Buzz/buzzm.Rmd


# Markdown version of Buzz data analysis

by: Nina Zumel and John Mount
Win-Vector LLC
11-8-2013


To run this example you need a system with R installed (see [http://cran.r-project.org](http://cran.r-project.org)), and data from 
[https://github.com/WinVector/zmPDSwR/tree/master/Buzz](https://github.com/WinVector/zmPDSwR/tree/master/Buzz).
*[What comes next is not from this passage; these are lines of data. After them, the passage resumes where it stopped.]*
(* diag(p, 0) in M_N (meaningful when k <= N). *)
Definition padmx k N (p : 'M[A]_k) : 'M[A]_N :=
  \matrix_(i < N, j < N)
    (match (insub (val i) : option 'I_k), (insub (val j) : option 'I_k) with
     | Some i', Some j' => p i' j'
     | _, _ => 0
     end).

Definition pmx := {k : nat & 'M[A]_k}.

Definition is_proj (p : pmx) : Prop := is_projector (projT2 p).

Definition proj_equiv (p q : pmx) : Prop :=
  exists N (u : 'M[A]_N), (projT1 p <= N)%N /\ (projT1 q <= N)%N /\
    is_unitary u /\
    padmx N (projT2 p) = u *m padmx N (projT2 q) *m mxstar u.

Definition pdsum (p q : pmx) : pmx :=
  existT _ (projT1 p + projT1 q)%N (block_mx (projT2 p) 0 0 (projT2 q)).

(* Grothendieck group: formal differences [p] - [q], with
   [p]-[q] = [p']-[q'] iff p + q' + r ~ p' + q + r for some projector r. *)
Definition groth_rel (p q p' q' : pmx) : Prop :=
  exists r : pmx, is_proj r /\
    proj_equiv (pdsum (pdsum p q') r) (pdsum (pdsum p' q) r).

(* K_0(A) is isomorphic to Z: there is a map from formal differences of
   projectors to int that descends to a bijective group homomorphism
   K_0(A) -> Z (addition of classes being ([p]-[q]) + ([p']-[q']) =
   [p + p'] - [q + q']). *)
Definition K0_iso_Z : Prop :=
  exists f : pmx -> pmx -> int,
    [/\ forall p q p' q', is_proj p -> is_proj q -> is_proj p' -> is_proj q' ->
          (f p q = f p' q' <-> groth_rel p q p' q'),
        forall z : int, exists p q, [/\ is_proj p, is_proj q & f p q = z] &
        forall p q p' q', is_proj p -> is_proj q -> is_proj p' -> is_proj q' ->
          f (pdsum p p') (pdsum q q') = f p q + f p' q'].

End StarMatrices.

Definition monomial (R : realType) (A : algType R[i]) (m : nat)
    (x : 'I_m -> A) (e : {ffun 'I_m -> nat}) : A :=
  \prod_(i < m) x i ^+ e i.

Definition pbw_basis (R : realType) (A : algType R[i]) (m : nat)
    (x : 'I_m -> A) : Prop :=
  (forall a : A, exists (s : seq {ffun 'I_m -> nat}) (c : {ffun 'I_m -> nat} -> R[i]),
      a = \sum_(e <- s) c e *: monomial x e) /\
  (forall (s : seq {ffun 'I_m -> nat}) (c : {ffun 'I_m -> nat} -> R[i]),
      uniq s -> \sum_(e <- s) c e *: monomial x e = 0 ->
      forall e, e \in s -> c e = 0).

From Pilot Require Import Defs.
From mathcomp Require Import all_boot all_order all_fingroup all_algebra zify.
From mathcomp Require Import reals complex.
From Stdlib Require Import ClassicalEpsilon.
Import Order.TTheory GRing.Theory Num.Theory.

Set Implicit Arguments. Unset Strict Implicit. Unset Printing Implicit Defensive.
Local Open Scope ring_scope.

(* The inner derivations [ad (x p)] are locally nilpotent, and by the PBW basis
   and the nondegeneracy of Theta their common kernel is C.  As [x p] is
   self-adjoint, [ad (x p)] anticommutes with the involution, and the Leibniz
   rule gives [ad^2N (a^* a) = C(2N,N) (-1)^N (ad^N a)^* (ad^N a)] whenever
   [ad^(N+1) a = 0].  Applied to [\sum_i a_i^* a_i = 0] this peels off the
   derivations one generator at a time until the [a_i] are scalars, which then
   vanish.  Applied to the column norms in [P^* P = P] and [U^* U = 1], the same
   computation shows that the entries of projectors and unitaries over A are
   killed by every [ad (x p)], hence are scalars.  So projectors and unitaries
   over A are those over C, equivalence of projectors is classified by rank, and
   the rank difference is an isomorphism from K_0 onto Z. *)

Section InnerDerivation.
Variables (K : pzRingType) (A : algType K).

Definition ad (y a : A) : A := y * a - a * y.

Definition adn (y : A) (k : nat) : A -> A := iter k (ad y).

Definition ad_nil (y a : A) : Prop := exists N, adn y N a = 0.

Variable y : A.

Lemma adD : {morph ad y : a b / a + b}.
Proof. by move=> a b; rewrite /ad mulrDr mulrDl opprD addrACA. Qed.

Lemma adZ c a : ad y (c *: a) = c *: ad y a.
Proof. by rewrite /ad scalerBr scalerAr scalerAl. Qed.

Lemma ad0 : ad y 0 = 0.
Proof. by rewrite /ad mulr0 mul0r subrr. Qed.

Lemma adM a b : ad y (a * b) = ad y a * b + a * ad y b.
Proof. by rewrite /ad mulrBl mulrBr !mulrA addrA subrK. Qed.

Lemma ad_sum I (r : seq I) (P : pred I) (F : I -> A) :
  ad y (\sum_(i <- r | P i) F i) = \sum_(i <- r | P i) ad y (F i).
Proof. exact: (big_morph _ adD ad0). Qed.

Lemma adB a b : ad y (a - b) = ad y a - ad y b.
Proof. by rewrite adD -scaleN1r adZ scaleN1r. Qed.

Lemma ad1 : ad y 1 = 0.
Proof. by rewrite /ad mulr1 mul1r subrr. Qed.

Lemma ad_scalar c : ad y c%:A = 0.
Proof. by rewrite adZ ad1 scaler0. Qed.

Lemma ad_scalarl c a : ad c%:A a = 0.
Proof. by rewrite /ad -scalerAl mul1r -scalerAr mulr1 subrr. Qed.

Lemma ad_jacobi z a : ad y (ad z a) - ad z (ad y a) = ad (ad y z) a.
Proof.
rewrite [ad z a]/ad adB !adM [ad z (ad y a)]/ad [ad (ad y z) a]/ad.
by rewrite opprB opprD addrAC [_ + z * _ + _]addrACA subrr addr0 addrA addrK.
Qed.

Lemma adnD k : {morph adn y k : a b / a + b}.
Proof. by move=> a b; elim: k => //= k ->; rewrite adD. Qed.

Lemma adn0 k : adn y k 0 = 0.
Proof. by elim: k => //= k ->; rewrite ad0. Qed.

Lemma adnZ k c a : adn y k (c *: a) = c *: adn y k a.
Proof. by elim: k => //= k ->; rewrite adZ. Qed.

Lemma adn_sum k I (r : seq I) (P : pred I) (F : I -> A) :
  adn y k (\sum_(i <- r | P i) F i) = \sum_(i <- r | P i) adn y k (F i).
Proof. exact: (big_morph _ (adnD k) (adn0 k)). Qed.

Lemma adnS k a : adn y k.+1 a = ad y (adn y k a).
Proof. by []. Qed.

Lemma adnSr k a : adn y k.+1 a = adn y k (ad y a).
Proof. exact: iterSr. Qed.

Lemma adn_scalar k c : (0 < k)%N -> adn y k c%:A = 0.
Proof. by case: k => // k _; rewrite adnSr ad_scalar adn0. Qed.

Lemma adn_eq0_leq k l a : (k <= l)%N -> adn y k a = 0 -> adn y l a = 0.
Proof. by move=> /subnK <- ak0; rewrite /adn iterD -/(adn y k a) ak0; apply: adn0. Qed.

(* The Leibniz rule, in which only the term of bidegree (j, l) survives. *)
Lemma adn_mul_top j l u v : adn y j.+1 u = 0 -> adn y l.+1 v = 0 ->
  adn y (j + l)%N (u * v) = 'C(j + l, j)%:R *: (adn y j u * adn y l v).
Proof.
elim: j l u v => [|j IHj] l u v adu.
  rewrite add0n bin0 scale1r.
  elim: l v => [|l IHl] v adv; first by [].
  rewrite adnSr adM (adu : ad y u = 0) mul0r add0r IHl -?adnSr //.
elim: l v => [|l IHl] v adv.
  rewrite addn0 binn scale1r adnSr adM (adv : ad y v = 0) mulr0 addr0.
  by rewrite -[in LHS](addn0 j) IHj -?adnSr // addn0 binn scale1r.
rewrite addnS adnSr adM adnD IHl -?adnSr // addSnnS IHj -?adnSr //.
by rewrite -addSnnS -scalerDl -natrD binS addnC.
Qed.

Lemma ad_nilD a b : ad_nil y a -> ad_nil y b -> ad_nil y (a + b).
Proof.
move=> [Na ha] [Nb hb]; exists (Na + Nb)%N.
by rewrite adnD (adn_eq0_leq (leq_addr _ _) ha) (adn_eq0_leq (leq_addl _ _) hb) addr0.
Qed.

Lemma ad_nilZ c a : ad_nil y a -> ad_nil y (c *: a).
Proof. by move=> [N h]; exists N; rewrite adnZ h scaler0. Qed.

Lemma ad_nilM a b : ad_nil y a -> ad_nil y b -> ad_nil y (a * b).
Proof.
move=> [Na ha] [Nb hb]; exists (Na + Nb)%N.
rewrite adn_mul_top ?ha ?mul0r ?scaler0 //.
  exact: adn_eq0_leq (leqnSn _) ha.
exact: adn_eq0_leq (leqnSn _) hb.
Qed.

Lemma ad_nil_scalar c : ad_nil y c%:A.
Proof. by exists 1%N; rewrite adn_scalar. Qed.

Lemma ad_nil1 : ad_nil y 1.
Proof. by exists 1%N; rewrite /= ad1. Qed.

Lemma ad_nilX a k : ad_nil y a -> ad_nil y (a ^+ k).
Proof.
move=> ha; elim: k => [|k IHk]; first by rewrite expr0; apply: ad_nil1.
by rewrite exprS; apply: ad_nilM.
Qed.

End InnerDerivation.

Lemma central_binomial_sign_neq0 (F : numDomainType) N :
  ('C(N.*2, N)%:R * (-1) ^+ N : F) != 0.
Proof. by rewrite mulf_neq0 ?signr_eq0 // pnatr_eq0 -lt0n bin_gt0 -addnn leq_addl. Qed.

Section StarAlgebra.
Variables (R : realType) (A : algType R[i]) (s : A -> A).
Hypothesis star_s : is_star s.

Lemma starK : involutive s. Proof. by case: star_s. Qed.
Lemma starD : {morph s : a b / a + b}. Proof. by case: star_s. Qed.
Lemma starZ c a : s (c *: a) = c^* *: s a. Proof. by case: star_s. Qed.
Lemma starM a b : s (a * b) = s b * s a. Proof. by case: star_s. Qed.

Lemma starN a : s (- a) = - s a.
Proof. by rewrite -scaleN1r starZ rmorphN1 scaleN1r. Qed.

Lemma star0 : s 0 = 0.
Proof. by have := starZ 0 0; rewrite scale0r conjC0 scale0r. Qed.

Lemma starB a b : s (a - b) = s a - s b.
Proof. by rewrite starD starN. Qed.

Lemma star1 : s 1 = 1.
Proof. by rewrite -[s 1]mul1r -{1}(starK 1) -starM mul1r starK. Qed.

Lemma star_scalar c : s c%:A = c^*%:A.
Proof. by rewrite starZ star1. Qed.

Lemma sum_star_mul_scalar_eq0 (I : finType) (c : I -> R[i]) :
  \sum_i s (c i)%:A * (c i)%:A = 0 -> forall i, c i = 0.
Proof.
rewrite (eq_bigr (fun i => (`|c i| ^+ 2)%:A)) => [|i _]; last first.
  by rewrite star_scalar -scalerAl mul1r scalerA mulrC normCK.
move=> /eqP; rewrite -scaler_suml scaler_eq0 oner_eq0 orbF => /eqP sum0 i.
have /(_ i isT) /eqP := psumr_eq0P (fun i _ => exprn_ge0 2 (normr_ge0 (c i))) sum0.
by rewrite sqrf_eq0 normr_eq0 => /eqP.
Qed.

Variable y : A.
Hypothesis star_y : s y = y.

Lemma ad_star a : ad y (s a) = - s (ad y a).
Proof. by rewrite /ad starB !starM star_y opprB. Qed.

Lemma adn_star k a : adn y k (s a) = (-1) ^+ k *: s (adn y k a).
Proof.
elim: k => [|k IHk]; first by rewrite scale1r.
by rewrite !adnS IHk adZ ad_star exprS mulN1r scaleNr scalerN.
Qed.

(* Leibniz and [adn_star] give [ad^2N (a^* a) = C(2N,N) (-1)^N (ad^N a)^* (ad^N a)]. *)
Lemma adn_double_sum_star_mul I (r : seq I) (F : I -> A) N :
  (forall i, adn y N.+1 (F i) = 0) ->
  adn y N.*2 (\sum_(i <- r) s (F i) * F i) = 0 ->
  \sum_(i <- r) s (adn y N (F i)) * adn y N (F i) = 0.
Proof.
move=> nilF; have nil_sF i : adn y N.+1 (s (F i)) = 0.
  by rewrite adn_star nilF star0 scaler0.
rewrite adn_sum; under eq_bigr => i _ do
  rewrite -addnn (adn_mul_top (nil_sF i) (nilF i)) adn_star -scalerAl scalerA.
move=> /eqP; rewrite -scaler_sumr scaler_eq0 addnn.
by rewrite (negbTE (central_binomial_sign_neq0 _ _)) => /eqP.
Qed.

End StarAlgebra.

Section Positivity.
Variables (R : realType) (A : algType R[i]) (s : A -> A).
Hypothesis star_s : is_star s.
Variables (m : nat) (x : 'I_m -> A) (k : 'I_m -> 'I_m -> R[i]).
Hypotheses (star_x : forall p, s (x p) = x p)
  (ad_x : forall p q, ad (x p) (x q) = (k p q)%:A)
  (ad_x_nil : forall p a, ad_nil (x p) a)
  (ad_x_center : forall a, (forall p, ad (x p) a = 0) -> exists c, a = c%:A).

Lemma ad_x_comm p q a : ad (x p) (ad (x q) a) = ad (x q) (ad (x p) a).
Proof. by apply/eqP; rewrite -subr_eq0 ad_jacobi ad_x ad_scalarl. Qed.

Lemma ad_adn_x_comm p q N a :
  ad (x q) (adn (x p) N a) = adn (x p) N (ad (x q) a).
Proof. by elim: N => [//|N IHN]; rewrite !adnS ad_x_comm IHN. Qed.

Lemma ad_nil_uniform (I : finType) (F : I -> A) p :
  exists N, forall i, adn (x p) N (F i) = 0.
Proof.
have [N nilF] := fin_all_exists (fun i => ad_x_nil p (F i)).
by exists (\max_i N i) => i; apply: adn_eq0_leq (nilF i); apply: leq_bigmax.
Qed.

(* Induction on the set [S] of generators whose derivations may not kill the
   [F i]; for [p] in [S], descending induction on the nilpotency degree of
   [ad (x p)] on the [F i], using [adn_double_sum_star_mul]. *)
Lemma sum_star_mul_eq0_outside (S : seq 'I_m) n (F : 'I_n -> A) :
  (forall i q, q \notin S -> ad (x q) (F i) = 0) ->
  \sum_i s (F i) * F i = 0 -> forall i, F i = 0.
Proof.
elim: S n F => [|p S IHS] n F adF sumF.
  have [c Fc] := fin_all_exists (fun i => ad_x_center (fun q => adF i q isT)).
  move: sumF; rewrite (eq_bigr (fun i => s (c i)%:A * (c i)%:A)) => [|i _].
    by move=> /(sum_star_mul_scalar_eq0 star_s) c0 i; rewrite Fc c0 scale0r.
  by rewrite Fc.
have [N] := ad_nil_uniform F p.
elim: N => [|N IHN] nilF; first exact: nilF.
apply: IHN => i; apply: (IHS n (fun i => adn (x p) N (F i))) => [j q qS|].
  case: (q =P p) => [->|/eqP qp]; first exact: nilF.
  by rewrite ad_adn_x_comm adF ?adn0 // in_cons negb_or qp.
by apply: (adn_double_sum_star_mul star_s (star_x p) nilF); rewrite sumF adn0.
Qed.

Lemma sum_star_mul_eq0 n (F : 'I_n -> A) :
  \sum_i s (F i) * F i = 0 -> forall i, F i = 0.
Proof. by apply: (sum_star_mul_eq0_outside (S := enum 'I_m)) => i q; rewrite mem_enum. Qed.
We are not perfoming any new analysis here, just supplying a direct application of Random Forests on the data.

Data from: [http://ama.liglab.fr/datasets/buzz/](http://ama.liglab.fr/datasets/buzz/)
Using: 
       [TomsHardware-Relative-Sigma-500.data](http://ama.liglab.fr/datasets/buzz/classification/TomsHardware/Relative_labeling/sigma=500/TomsHardware-Relative-Sigma-500.data)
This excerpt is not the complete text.